YOUR INSTRUCTIONS = Below is a block of entries; repeat exactly the lines starting at the line that contains "Definition core_inverse (X" and ending at the line that contains "Proof. by apply: (addrI (f ⊙ 0));", both included.
START GIVEN INFORMATION
(* Let $n\geq 3$ be an integer, let $\varphi : X \to X$ be a morphism in $\mathscr{C}$, and let $\kappa : K \to X$ be a kernel of $\varphi$. Then $\varphi$ has a core inverse if and only if $\varphi$ has a cokernel $\lambda : X \to L$ such that both $\kappa\lambda : K\to L$ and $\varphi^{*}\varphi^{n}+\kappa^{*}\kappa : X\to X$ are invertible. In this case $$\varphi^{\mathrm{core}}=\varphi^{n-1}(\varphi^{*}\varphi^{n}+\kappa^{*}\kappa)^{-1}\varphi^{*}.$$
   Context: $\mathscr{C}$ is an additive category with an involution $*$: a map on morphisms sending $\varphi : X\to Y$ to $\varphi^* : Y \to X$ such that $(\varphi^* )^*=\varphi$, $(\varphi\psi)^*=\psi^*\varphi^*$ and $(\varphi+\phi)^*=\varphi^*+\phi^*$. Composition is written left to right: for $\varphi : X\to Y$ and $\psi : Y\to Z$, $\varphi\psi : X \to Z$ means ''first $\varphi$, then $\psi$''. A kernel of $\varphi : X\to Y$ is a morphism $\kappa : K\to X$ with $\kappa\varphi=0$ such that every $\alpha : M\to X$ with $\alpha\varphi=0$ factors uniquely as $\alpha=\alpha'\kappa$. A cokernel of $\varphi$ is a morphism $\lambda : Y\to L$ with $\varphi\lambda=0$ such that every $\beta : Y\to M$ with $\varphi\beta=0$ factors uniquely as $\beta=\lambda\beta'$. A morphism is invertible if it has a two-sided inverse. For $\varphi : X\to X$, a core inverse of $\varphi$ is a morphism $\chi : X\to X$ with $(\varphi\chi)^*=\varphi\chi$, $\varphi\chi^2=\chi$ and $\chi\varphi^2=\varphi$. It is unique when it exists and is denoted $\varphi^{\mathrm{core}}$. *)

From HB Require Import structures.
From mathcomp Require Import all_boot all_algebra.
Set Implicit Arguments. Unset Strict Implicit. Unset Printing Implicit Defensive.
Import GRing.Theory.
Local Open Scope ring_scope.

(* An additive category with an involution.  Composition is written
   left to right: [mcomp f g] means "first f, then g". *)
Record AddInvCat := {
  Ob :> Type;
  Mor : Ob -> Ob -> zmodType;
  midm : forall X : Ob, Mor X X;
  mcomp : forall X Y Z : Ob, Mor X Y -> Mor Y Z -> Mor X Z;
  mstar : forall X Y : Ob, Mor X Y -> Mor Y X;
  compA : forall (X Y Z W : Ob) (f : Mor X Y) (g : Mor Y Z) (h : Mor Z W),
      mcomp f (mcomp g h) = mcomp (mcomp f g) h;
  comp1m : forall (X Y : Ob) (f : Mor X Y), mcomp (midm X) f = f;
  compm1 : forall (X Y : Ob) (f : Mor X Y), mcomp f (midm Y) = f;
  compDl : forall (X Y Z : Ob) (f f' : Mor X Y) (g : Mor Y Z),
      mcomp (f + f') g = mcomp f g + mcomp f' g;
  compDr : forall (X Y Z : Ob) (f : Mor X Y) (g g' : Mor Y Z),
      mcomp f (g + g') = mcomp f g + mcomp f g';
  zero_obj : exists Z : Ob, forall X : Ob,
      (forall f g : Mor Z X, f = g) /\ (forall f g : Mor X Z, f = g);
  biprod : forall X Y : Ob, exists (P : Ob) (i1 : Mor X P) (i2 : Mor Y P)
      (p1 : Mor P X) (p2 : Mor P Y),
      [/\ mcomp i1 p1 = midm X, mcomp i2 p2 = midm Y, mcomp i1 p2 = 0,
          mcomp i2 p1 = 0 & mcomp p1 i1 + mcomp p2 i2 = midm P];
  starK : forall (X Y : Ob) (f : Mor X Y), mstar (mstar f) = f;
  starM : forall (X Y Z : Ob) (f : Mor X Y) (g : Mor Y Z),
      mstar (mcomp f g) = mcomp (mstar g) (mstar f);
  starD : forall (X Y : Ob) (f g : Mor X Y), mstar (f + g) = mstar f + mstar g
}.

Arguments midm {_} X.
Arguments mcomp {_ X Y Z}.
Arguments mstar {_ X Y}.

Section Defs.
Variable C : AddInvCat.

Definition is_kernel (X Y K : C) (phi : Mor X Y) (kappa : Mor K X) : Prop :=
  mcomp kappa phi = 0 /\
  forall (M : C) (alpha : Mor M X), mcomp alpha phi = 0 ->
    exists! alpha' : Mor M K, alpha = mcomp alpha' kappa.

Definition is_cokernel (X Y L : C) (phi : Mor X Y) (lambda : Mor Y L) : Prop :=
  mcomp phi lambda = 0 /\
  forall (M : C) (beta : Mor Y M), mcomp phi beta = 0 ->
    exists! beta' : Mor L M, beta = mcomp lambda beta'.

Definition is_inverse (X Y : C) (f : Mor X Y) (g : Mor Y X) : Prop :=
  mcomp f g = midm X /\ mcomp g f = midm Y.

Definition invertible (X Y : C) (f : Mor X Y) : Prop :=
  exists g : Mor Y X, is_inverse f g.

Fixpoint powm (X : C) (f : Mor X X) (n : nat) : Mor X X :=
  match n with
  | O => midm X
  | S k => mcomp f (powm f k)
  end.

Definition core_inverse (X : C) (phi chi : Mor X X) : Prop :=
  [/\ mstar (mcomp phi chi) = mcomp phi chi,
      mcomp phi (mcomp chi chi) = chi &
      mcomp chi (mcomp phi phi) = phi].

End Defs.

From Pilot Require Import Defs.
From HB Require Import structures.
From mathcomp Require Import all_boot all_algebra.
Import GRing.Theory.
Local Open Scope ring_scope.

(* If chi is the core inverse of phi, the kernel property splits the
   idempotent 1 - chi phi as v kappa with kappa v = 1 (products read left to
   right).  This v is a cokernel of phi, and chi^n chi^* + v v^* is a two-sided
   inverse of phi^* phi^n + kappa^* kappa; composing it with phi^(n-1) on the
   left and phi^* on the right gives back chi.
   Conversely, let psi be that inverse and w a right inverse of kappa lambda.
   Composing psi (phi^* phi^n + kappa^* kappa) = 1, and its adjoint, with
   lambda shows that psi phi^* phi^n and psi^* (phi^n)^* phi both equal
   1 - lambda w kappa.  Then p := phi^n psi phi^* satisfies p^* phi = phi, so
   p = p^* p is hermitian and fixes phi, and phi^(n-1) psi phi^* is a core
   inverse of phi as soon as n >= 2. *)

Local Notation "f ⊙ g" := (mcomp f g) (at level 40, left associativity).

Section AddInvCatTheory.
Context {C : AddInvCat}.

Lemma comp0l {X Y Z : C} (g : Mor Y Z) : (0 : Mor X Y) ⊙ g = 0.
Proof. by apply: (addrI (0 ⊙ g)); rewrite -compDl !addr0. Qed.

Lemma comp0r {X Y Z : C} (f : Mor X Y) : f ⊙ (0 : Mor Y Z) = 0.
Proof. by apply: (addrI (f ⊙ 0)); rewrite -compDr !addr0. Qed.

Lemma compNl {X Y Z : C} (f : Mor X Y) (g : Mor Y Z) : (- f) ⊙ g = - (f ⊙ g).
Proof. by apply: (addrI (f ⊙ g)); rewrite -compDl !subrr comp0l. Qed.

Lemma compNr {X Y Z : C} (f : Mor X Y) (g : Mor Y Z) : f ⊙ (- g) = - (f ⊙ g).
Proof. by apply: (addrI (f ⊙ g)); rewrite -compDr !subrr comp0r. Qed.

Lemma compBl {X Y Z : C} (f f' : Mor X Y) (g : Mor Y Z) :
  (f - f') ⊙ g = f ⊙ g - f' ⊙ g.
Proof. by rewrite compDl compNl. Qed.

Lemma compBr {X Y Z : C} (f : Mor X Y) (g g' : Mor Y Z) :
  f ⊙ (g - g') = f ⊙ g - f ⊙ g'.
Proof. by rewrite compDr compNr. Qed.

Lemma star0 {X Y : C} : mstar (0 : Mor X Y) = 0.
Proof. by apply: (addrI (mstar (0 : Mor X Y))); rewrite -starD !addr0. Qed.

Lemma star1 (X : C) : mstar (midm X) = midm X.
Proof. by rewrite -[LHS]compm1 -[m in _ ⊙ m]starK -starM compm1 starK. Qed.

Lemma star_idem_self {X : C} (a : Mor X X) : mstar a ⊙ a = a -> mstar a = a.
Proof. by move=> idem_a; rewrite -{1}idem_a starM starK idem_a. Qed.

Lemma is_inverse_uniq {X Y : C} {f : Mor X Y} {g g' : Mor Y X} :
  is_inverse f g -> is_inverse f g' -> g = g'.
Proof.
by move=> [_ gf] [fg' _]; rewrite -[g]compm1 -fg' Defs.compA gf comp1m.
Qed.

Lemma powmSr {X : C} (f : Mor X X) k : powm f k.+1 = powm f k ⊙ f.
Proof.
elim: k => [|k IHk]; first by rewrite /= compm1 comp1m.
by rewrite [in RHS]/= -Defs.compA -IHk.
Qed.

Lemma powm_absorb {X : C} {a b : Mor X X} k :
  a ⊙ (b ⊙ b) = b -> powm a k ⊙ powm b k.+1 = b.
Proof.
move=> abb; elim: k => [|k IHk]; first by rewrite /= comp1m compm1.
rewrite powmSr -Defs.compA.
have -> : a ⊙ powm b k.+2 = powm b k.+1.
  by rewrite /= [b ⊙ (b ⊙ _)]Defs.compA Defs.compA abb.
exact: IHk.
Qed.

Lemma powmS_absorb {X : C} {a b : Mor X X} k :
  a ⊙ (b ⊙ b) = b -> powm a k.+1 ⊙ powm b k.+1 = a ⊙ b.
Proof. by move=> abb; rewrite [powm a _]/= -Defs.compA powm_absorb. Qed.

Lemma powmS_left_fixed {X : C} {p f : Mor X X} k :
  p ⊙ f = f -> p ⊙ powm f k.+1 = powm f k.+1.
Proof. by move=> pf; rewrite [powm f _]/= Defs.compA pf. Qed.

Lemma kernel_section {X Y K : C} {phi : Mor X Y} {kappa : Mor K X}
    {s : Mor X X} :
  is_kernel phi kappa -> s ⊙ phi = 0 -> kappa ⊙ s = kappa ->
  exists t : Mor X K, t ⊙ kappa = s /\ kappa ⊙ t = midm K.
Proof.
move=> [kphi0 univ] sphi0 ks.
have [t [st _]] := univ X s sphi0.
exists t; split; first by rewrite st.
have [t0 [_ uniq_kappa]] := univ K kappa kphi0.
rewrite -(uniq_kappa (midm K)) ?comp1m //; apply/esym/uniq_kappa.
by rewrite -Defs.compA -st ks.
Qed.

Lemma section_is_cokernel {X Y K : C} {phi : Mor X Y} {chi : Mor Y X}
    {kappa : Mor K Y} {v : Mor Y K} :
  phi ⊙ chi ⊙ phi = phi -> v ⊙ kappa = midm Y - chi ⊙ phi ->
  kappa ⊙ v = midm K -> is_cokernel phi v.
Proof.
move=> pcp vk kv; split.
  rewrite -[v]compm1 -kv [v ⊙ _]Defs.compA vk Defs.compA compBr compm1.
  by rewrite Defs.compA pcp subrr comp0l.
move=> M beta pb0; exists (kappa ⊙ beta); split.
  by rewrite Defs.compA vk compBl comp1m -Defs.compA pb0 comp0r subr0.
by move=> b' ->; rewrite Defs.compA kv comp1m.
Qed.

Lemma left_inverse_kernel_summand {X Z K L : C} (phi : Mor Z X)
    (kappa : Mor K X) (lambda : Mor X L) (w : Mor L K) (rho : Mor X X)
    (beta : Mor X Z) :
  phi ⊙ lambda = 0 -> kappa ⊙ lambda ⊙ w = midm K ->
  rho ⊙ (beta ⊙ phi + mstar kappa ⊙ kappa) = midm X ->
  rho ⊙ beta ⊙ phi = midm X - lambda ⊙ w ⊙ kappa.
Proof.
move=> pl0 klw rhoA.
(* post-composing with lambda kills the first summand *)
have rk : rho ⊙ mstar kappa = lambda ⊙ w.
  have rkl : rho ⊙ mstar kappa ⊙ kappa ⊙ lambda = lambda.
    have := congr1 (mcomp^~ lambda) rhoA.
    by rewrite /= comp1m compDr compDl -!Defs.compA pl0 !comp0r add0r.
  by rewrite -[LHS]compm1 -klw !Defs.compA rkl.
by rewrite -rhoA compDr !Defs.compA rk addrK.
Qed.

Section CoreInverse.
Context {X K : C} {phi chi : Mor X X} {kappa : Mor K X}.
Hypothesis hchi : core_inverse phi chi.

Lemma phi_core_phi : phi ⊙ chi ⊙ phi = phi.
Proof.
case: hchi => _ pcc cpp.
by rewrite -{2}cpp !Defs.compA -(Defs.compA phi) pcc -Defs.compA cpp.
Qed.

Lemma core_phi_core : chi ⊙ phi ⊙ chi = chi.
Proof.
case: hchi => _ pcc cpp.
by rewrite -{2}pcc !Defs.compA -(Defs.compA chi) cpp -Defs.compA pcc.
Qed.

Hypothesis kphi0 : kappa ⊙ phi = 0.

Lemma kernel_comp_core : kappa ⊙ chi = 0.
Proof. by case: hchi => _ pcc _; rewrite -pcc Defs.compA kphi0 comp0l. Qed.

Lemma core_kernel_section : is_kernel phi kappa ->
  exists v : Mor X K, v ⊙ kappa = midm X - chi ⊙ phi /\ kappa ⊙ v = midm K.
Proof.
case: hchi => _ _ cpp hk; apply: kernel_section hk _ _.
  by rewrite compBl comp1m -Defs.compA cpp subrr.
by rewrite compBr compm1 Defs.compA kernel_comp_core comp0l subr0.
Qed.

Context {v : Mor X K}.
Hypotheses (vk : v ⊙ kappa = midm X - chi ⊙ phi) (kv : kappa ⊙ v = midm K).

Lemma phi_comp_section : phi ⊙ v = 0.
Proof. by case: (section_is_cokernel phi_core_phi vk kv). Qed.

Lemma is_inverse_core_sum k :
  is_inverse (mstar phi ⊙ powm phi k.+1 + mstar kappa ⊙ kappa)
             (powm chi k.+1 ⊙ mstar chi + v ⊙ mstar v).
Proof.
case: hchi => herm pcc cpp.
set psi0 := _ + v ⊙ mstar v.
split.
- have phin_psi0 : powm phi k.+1 ⊙ psi0 = phi ⊙ chi ⊙ mstar chi.
    have phin_v : powm phi k.+1 ⊙ v = 0.
      by rewrite powmSr -Defs.compA phi_comp_section comp0r.
    rewrite /psi0 compDr (Defs.compA _ (powm chi k.+1)) (powmS_absorb k pcc).
    by rewrite (Defs.compA _ v) phin_v comp0l addr0.
  have kappa_psi0 : kappa ⊙ psi0 = mstar v.
    have kappa_chin : kappa ⊙ powm chi k.+1 = 0.
      by rewrite [powm chi _]/= Defs.compA kernel_comp_core comp0l.
    rewrite /psi0 compDr (Defs.compA _ (powm chi _)) kappa_chin.
    by rewrite (Defs.compA _ v) kv comp0l comp1m add0r.
  rewrite compDl -(Defs.compA (mstar phi)) -(Defs.compA (mstar kappa)).
  rewrite phin_psi0 kappa_psi0 -herm -!starM -starD.
  by rewrite !Defs.compA core_phi_core vk addrC subrK star1.
- have chis_A : mstar chi ⊙ (mstar phi ⊙ powm phi k.+1 + mstar kappa ⊙ kappa)
                = powm phi k.+1.
    rewrite compDr (Defs.compA (mstar chi)).
    rewrite (Defs.compA (mstar chi) (mstar kappa)).
    rewrite -!starM herm kernel_comp_core star0 comp0l addr0.
    exact: powmS_left_fixed phi_core_phi.
  have vs_A : mstar v ⊙ (mstar phi ⊙ powm phi k.+1 + mstar kappa ⊙ kappa)
              = kappa.
    rewrite compDr (Defs.compA (mstar v)) (Defs.compA (mstar v) (mstar kappa)).
    rewrite -!starM phi_comp_section kv star0 star1.
    by rewrite comp0l comp1m add0r.
  rewrite compDl -(Defs.compA (powm chi _)) -(Defs.compA v) chis_A vs_A.
  by rewrite (powmS_absorb k cpp) vk addrC subrK.
Qed.

Lemma core_inverse_formula k :
  chi = powm phi k ⊙ ((powm chi k.+1 ⊙ mstar chi + v ⊙ mstar v) ⊙ mstar phi).
Proof.
case: hchi => herm pcc _.
rewrite compDl -(Defs.compA (powm chi _)) -(Defs.compA v) -!starM herm.
rewrite phi_comp_section star0 comp0r addr0.
rewrite (Defs.compA (powm phi k)) (powm_absorb k pcc).
by rewrite Defs.compA core_phi_core.
Qed.

End CoreInverse.

Lemma core_inverse_of_cokernel {X K L : C} {phi : Mor X X} {kappa : Mor K X}
    {lambda : Mor X L} {w : Mor L K} {psi : Mor X X} k :
  kappa ⊙ phi = 0 -> phi ⊙ lambda = 0 -> kappa ⊙ lambda ⊙ w = midm K ->
  is_inverse (mstar phi ⊙ powm phi k.+2 + mstar kappa ⊙ kappa) psi ->
  core_inverse phi (powm phi k.+1 ⊙ (psi ⊙ mstar phi)).
Proof.
move=> kphi0 phil0 klw [A_psi psi_A].
set chi := powm phi k.+1 ⊙ _.
set E := midm X - lambda ⊙ w ⊙ kappa.
have psi_A_phi : psi ⊙ (mstar phi ⊙ powm phi k.+1) ⊙ phi = E.
  apply: left_inverse_kernel_summand phil0 klw _.
  by rewrite -(Defs.compA (mstar phi)) -powmSr.
have psis_As_phi : mstar psi ⊙ mstar (powm phi k.+2) ⊙ phi = E.
  apply: left_inverse_kernel_summand phil0 klw _.
  move: (congr1 mstar A_psi).
  by rewrite star1 starM starD (starM (mstar phi)) (starM (mstar kappa)) !starK.
have star_phichi_phi : mstar (phi ⊙ chi) ⊙ phi = phi.
  have -> : phi ⊙ chi = powm phi k.+2 ⊙ (psi ⊙ mstar phi).
    by rewrite /chi Defs.compA.
  rewrite (starM (powm phi _)) (starM psi) starK.
  rewrite -!Defs.compA (Defs.compA (mstar psi)) psis_As_phi /E compBr compm1.
  by rewrite !Defs.compA phil0 !comp0l subr0.
have herm : mstar (phi ⊙ chi) = phi ⊙ chi.
  by apply: star_idem_self; rewrite Defs.compA star_phichi_phi.
have pcp : phi ⊙ chi ⊙ phi = phi by rewrite -herm star_phichi_phi.
have kchi : kappa ⊙ chi = 0.
  by rewrite /chi [powm phi _]/= !Defs.compA kphi0 !comp0l.
have E_chi : E ⊙ chi = chi.
  by rewrite compBl comp1m -Defs.compA kchi comp0r subr0.
have chi_phi : chi ⊙ phi = E.
  move: (psi ⊙ _) psi_A_phi => B B_phi.
  rewrite -{1}E_chi -{1}B_phi -(Defs.compA (B ⊙ phi)) -(Defs.compA B).
  by rewrite (Defs.compA phi chi) pcp.
split => //.
  by rewrite Defs.compA {2}/chi Defs.compA (powmS_left_fixed k pcp).
by rewrite Defs.compA chi_phi compBl comp1m -Defs.compA kphi0 comp0r subr0.
Qed.

End AddInvCatTheory.

Theorem mainTheorem3 (C : AddInvCat) (n : nat) (hn : (3 <= n)%N)
    (X K : C) (phi : Mor X X) (kappa : Mor K X) (hk : is_kernel phi kappa) :
  ((exists chi : Mor X X, core_inverse phi chi) <->
   (exists (L : C) (lambda : Mor X L),
      [/\ is_cokernel phi lambda,
          invertible (mcomp kappa lambda) &
          invertible (mcomp (mstar phi) (powm phi n) + mcomp (mstar kappa) kappa)]))
  /\
  (forall (chi psi : Mor X X), core_inverse phi chi ->
     is_inverse (mcomp (mstar phi) (powm phi n) + mcomp (mstar kappa) kappa) psi ->
     chi = mcomp (powm phi (n - 1)) (mcomp psi (mstar phi))).
Proof.
case: n hn => [|[|m]] // _; rewrite subSS subn0.
have kphi0 : kappa ⊙ phi = 0 by case: hk.
split; first split.
- case=> chi hchi.
  have [v [vk kv]] := core_kernel_section hchi kphi0 hk.
  exists K, v; split.
  + exact: section_is_cokernel (phi_core_phi hchi) vk kv.
  + by exists (midm K); rewrite kv; split; exact: comp1m.
  + exact: ex_intro _ _ (is_inverse_core_sum hchi kphi0 vk kv m.+1).
- case=> L [lambda [[phil0 _] [w [klw _]] [psi hpsi]]].
  exact: ex_intro _ _ (core_inverse_of_cokernel m kphi0 phil0 klw hpsi).
- move=> chi psi hchi hpsi.
  have [v [vk kv]] := core_kernel_section hchi kphi0 hk.
  rewrite (is_inverse_uniq hpsi (is_inverse_core_sum hchi kphi0 vk kv m.+1)).
  by rewrite -(core_inverse_formula hchi vk kv m.+1).
Qed.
END GIVEN INFORMATION
RESULT FOR THIS TASK =
Definition core_inverse (X : C) (phi chi : Mor X X) : Prop :=
  [/\ mstar (mcomp phi chi) = mcomp phi chi,
      mcomp phi (mcomp chi chi) = chi &
      mcomp chi (mcomp phi phi) = phi].

End Defs.

From Pilot Require Import Defs.
From HB Require Import structures.
From mathcomp Require Import all_boot all_algebra.
Import GRing.Theory.
Local Open Scope ring_scope.

(* If chi is the core inverse of phi, the kernel property splits the
   idempotent 1 - chi phi as v kappa with kappa v = 1 (products read left to
   right).  This v is a cokernel of phi, and chi^n chi^* + v v^* is a two-sided
   inverse of phi^* phi^n + kappa^* kappa; composing it with phi^(n-1) on the
   left and phi^* on the right gives back chi.
   Conversely, let psi be that inverse and w a right inverse of kappa lambda.
   Composing psi (phi^* phi^n + kappa^* kappa) = 1, and its adjoint, with
   lambda shows that psi phi^* phi^n and psi^* (phi^n)^* phi both equal
   1 - lambda w kappa.  Then p := phi^n psi phi^* satisfies p^* phi = phi, so
   p = p^* p is hermitian and fixes phi, and phi^(n-1) psi phi^* is a core
   inverse of phi as soon as n >= 2. *)

Local Notation "f ⊙ g" := (mcomp f g) (at level 40, left associativity).

Section AddInvCatTheory.
Context {C : AddInvCat}.

Lemma comp0l {X Y Z : C} (g : Mor Y Z) : (0 : Mor X Y) ⊙ g = 0.
Proof. by apply: (addrI (0 ⊙ g)); rewrite -compDl !addr0. Qed.

Lemma comp0r {X Y Z : C} (f : Mor X Y) : f ⊙ (0 : Mor Y Z) = 0.
Proof. by apply: (addrI (f ⊙ 0)); rewrite -compDr !addr0. Qed.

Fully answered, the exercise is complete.